A Cassegrainian telescope uses two mirrors as shown in Fig. Such a telescope is built with the mirrors `20 mm` apart. If the radius of curvature of large mirror is `220 mm` and the small mirror is `40 mm`, where will the final image of an object at infinity be ?

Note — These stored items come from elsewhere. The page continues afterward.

Lemma PSeries_nonneg_le (a : nat -> R) (y Y : R) : (forall n, 0 <= a n) ->
  ex_pseries a y -> ex_pseries a Y -> 0 <= y <= Y ->
  0 <= PSeries a y <= PSeries a Y.
Proof.
  intros Ha Ey EY Hy. split.
  - assert (Hl := is_lim_seq_le (fun _ => 0) _ 0 _
      (fun N => cond_pos_sum _ N
         (fun k => Rmult_le_pos _ _ (Ha k) (pow_le _ k (proj1 Hy))))
      (is_lim_seq_const 0) (is_lim_seq_PSeries a y Ey)).
    exact Hl.
  - assert (Hl : Rbar_le (PSeries a y) (PSeries a Y)).
    { apply (is_lim_seq_le _ _ _ _) with
        (2 := is_lim_seq_PSeries a y Ey) (3 := is_lim_seq_PSeries a Y EY).
      intros N. apply sum_Rle. intros k _.
      apply Rmult_le_compat_l; [apply Ha | apply pow_incr; lra]. }
    exact Hl.
Qed.

Lemma PSeries_tail_le (a : nat -> R) (N : nat) (y Y : R) :
  (forall n, 0 <= a n) -> CV_radius a = p_infty -> 0 <= y <= Y ->
  0 <= PSeries a y - sum_f_R0 (fun k => a k * y ^ k) N <=
       PSeries a Y - sum_f_R0 (fun k => a k * Y ^ k) N.
Proof.
  intros Ha Hr Hy.
  rewrite (PSeries_decr_n a N y), (PSeries_decr_n a N Y)
    by now apply ex_pseries_infinite_radius.
  assert (E : forall z, ex_pseries (PS_decr_n a (S N)) z).
  { intros z. apply ex_pseries_decr_n; [| now apply ex_pseries_infinite_radius].
    destruct (Req_dec z 0) as [-> | Hz]; [now left | right; exists (/ z)].
    unfold mult, one; simpl. field; exact Hz. }
  assert (Htail := PSeries_nonneg_le (PS_decr_n a (S N)) y Y
     (fun n => Ha _) (E y) (E Y) Hy).
  assert (0 <= y ^ S N <= Y ^ S N) by (split; [apply pow_le | apply pow_incr]; lra).
  split; ring_simplify; nra.
Qed.

Lemma INR_S_pos (n : nat) : 0 < INR (S n).
Proof. apply lt_0_INR; lia. Qed.

Definition bessel_coef (al : R) (n : nat) : R := al ^ n / INR (fact n) ^ 2.

Lemma bessel_coef_S (al : R) (n : nat) :
  bessel_coef al (S n) = al / INR (S n) ^ 2 * bessel_coef al n.
Proof.
  unfold bessel_coef. rewrite fact_simpl, mult_INR, <- tech_pow_Rmult.
  pose proof (INR_fact_lt_0 n). pose proof (INR_S_pos n).
  field; split; lra.
Qed.

Lemma bessel_coef_pos (al : R) (n : nat) : 0 < al -> 0 < bessel_coef al n.
Proof.
  intros Hal. unfold bessel_coef. pose proof (INR_fact_lt_0 n).
  apply Rdiv_lt_0_compat; apply pow_lt; assumption.
Qed.

Lemma CV_radius_bessel_coef (al : R) : 0 < al -> CV_radius (bessel_coef al) = p_infty.
Proof.
  intros Hal. apply CV_radius_infinite_ratio with (M := al).
  - intros n. pose proof (bessel_coef_pos al n Hal). lra.
  - intros n. rewrite bessel_coef_S.
    pose proof (bessel_coef_pos al n Hal). pose proof (INR_S_pos n).
    assert (1 <= INR (S n)) by (apply (le_INR 1); lia).
    replace (al / INR (S n) ^ 2 * bessel_coef al n / bessel_coef al n)
      with (al / INR (S n) ^ 2) by (field; split; lra).
    rewrite Rabs_right by (apply Rle_ge, Rlt_le, Rdiv_lt_0_compat; [| apply pow_lt]; lra).
    apply Rmult_le_compat_l; [lra |].
    apply Rinv_le_contravar; [assumption | nra].
Qed.

(* [G al Y = I0 (2 sqrt (al Y))], the Bessel series as a power series in [Y]. *)
Definition G (al : R) : R -> R := PSeries (bessel_coef al).
Definition G' (al : R) : R -> R := PSeries (PS_derive (bessel_coef al)).
Definition G'' (al : R) : R -> R := PSeries (PS_derive (PS_derive (bessel_coef al))).

Section BesselSeries.

Variable al : R.
Hypothesis hal : 0 < al.

Lemma is_derive_G (y : R) : is_derive (G al) y (G' al y).
Proof. apply is_derive_PSeries. rewrite CV_radius_bessel_coef; easy. Qed.

Lemma is_derive_G' (y : R) : is_derive (G' al) y (G'' al y).
Proof.
  apply is_derive_PSeries. rewrite CV_radius_derive, CV_radius_bessel_coef; easy.
Qed.

Lemma G_ode (y : R) : G' al y + y * G'' al y = al * G al y.
Proof.
  unfold G, G', G''.
  assert (R1 : Rbar_lt (Rabs y) (CV_radius (PS_derive (bessel_coef al))))
    by (rewrite CV_radius_derive, CV_radius_bessel_coef; easy).
  assert (R2 : Rbar_lt (Rabs y) (CV_radius (PS_derive (PS_derive (bessel_coef al)))))
    by (rewrite !CV_radius_derive, CV_radius_bessel_coef; easy).
  rewrite <- PSeries_incr_1, <- PSeries_plus, <- PSeries_scal.
  2: now apply CV_radius_inside.
  2: now apply ex_pseries_incr_1, CV_radius_inside.
  apply PSeries_ext. intros [| m].
  - change (INR 1 * bessel_coef al 1 + 0 = al * bessel_coef al 0).
    rewrite bessel_coef_S. simpl INR. field.
  - change (INR (S (S m)) * bessel_coef al (S (S m))
            + INR (S m) * (INR (S (S m)) * bessel_coef al (S (S m)))
            = al * bessel_coef al (S m)).
    rewrite (bessel_coef_S al (S m)).
    pose proof (INR_S_pos m). rewrite (S_INR (S m)). field. lra.
Qed.
Lemma FNGW_row_continuous M N (ys : 'I_N -> graph) (g : graph) e :
  0 < e -> (0 < gn g)%N -> entries_bounded M g ->
  (forall k, (0 < gn (ys k))%N /\ entries_bounded M (ys k)) ->
  exists2 d, 0 < d & forall g', entries_bounded M g' -> graph_close d g g' ->
    ip_norm (@row_dot R N)
      (\row_k FNGW alpha beta g' (ys k) - \row_k FNGW alpha beta g (ys k)) < e.
Proof.
move=> e0 g_gt0 gM ysM; set L := (T%:R + 1 + S%:R) * (4 * M).
have M0 : 0 <= M.
  by have [_ gA_M _] := gM; apply: le_trans (gA_M (Ordinal g_gt0) (Ordinal g_gt0)).
have L0 : 0 <= L by rewrite mulr_ge0 ?addr_ge0 ?mulr_ge0.
pose e' := e / (N%:R + 1); have e'0 : 0 < e' by rewrite divr_gt0 ?ltr_wpDl.
exists (e' / (L + 1)) => [|g' g'M close]; first by rewrite divr_gt0 ?ltr_wpDl.
apply: row_norm_lt => // k; rewrite !mxE distrC.
have [yk_gt0 ykM] := ysM k.
apply: le_trans (FNGW_lipschitz g_gt0 yk_gt0 gM g'M ykM close) _.
by rewrite mulrAC ler_pdivrMr ?ltr_wpDl // ler_pM2l // -/L lerDl.
Qed.

End FNGWContinuity.

Lemma calGm_continuous_measurable (R : realType) S T m (Fs : seq 'rV[R]_S)
    (Ts : seq 'rV[R]_T) (H : lmodType R) (ip : H -> H -> R) (f : calGm m Fs Ts -> H) :
  (forall z e, 0 < e -> exists2 d, 0 < d &
     forall z', graph_close d (sval z) (sval z') -> ip_norm ip (f z' - f z) < e) ->
  borel_measurable (@calGm_open R S T m Fs Ts) (ip_open ip) f.
Proof.
move=> f_cont; apply: open_preimage_borel_measurable => U U_open z /U_open[e e0 Ue].
by have [d d0 fd] := f_cont z e e0; exists d => // z' /fd/Ue.
Qed.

Here, radius of curvature of objective mirror
`R_(1) = 220 mm` ltbr. Radius of curvature of secondary mirror
`R_(2) = 140 mm` ,
`f_(2) = (R_(2))/(2) = (140)/(2) = 70 mm`
Distance between the two mirrors, `d = 20 mm`.
When object is at infinity, parallel rays falling on objective mirror, on reflection, would collect at its focus at
`f_(1) = (R_(1))/(2) = (220)/(2) = 110 mm`
Instead, they fall on secondary mirror at `20 mm` from objective mirror.
`:.` For secondary mirror, `u = f_(1) - d = 110 - 20 = 90 mm`
From `(1)/(v) + (1)/(u) = (1)/(f_(2))`
`(1)/(v) = (1)/(f_(2)) - (1)/(u) = (1)/(70) - (1)/(90) = (9 - 7)/(630) = (2)/(630)`
`v = (630)/(2) = 315 mm = 31.5 cm` to the right of secondary mirror.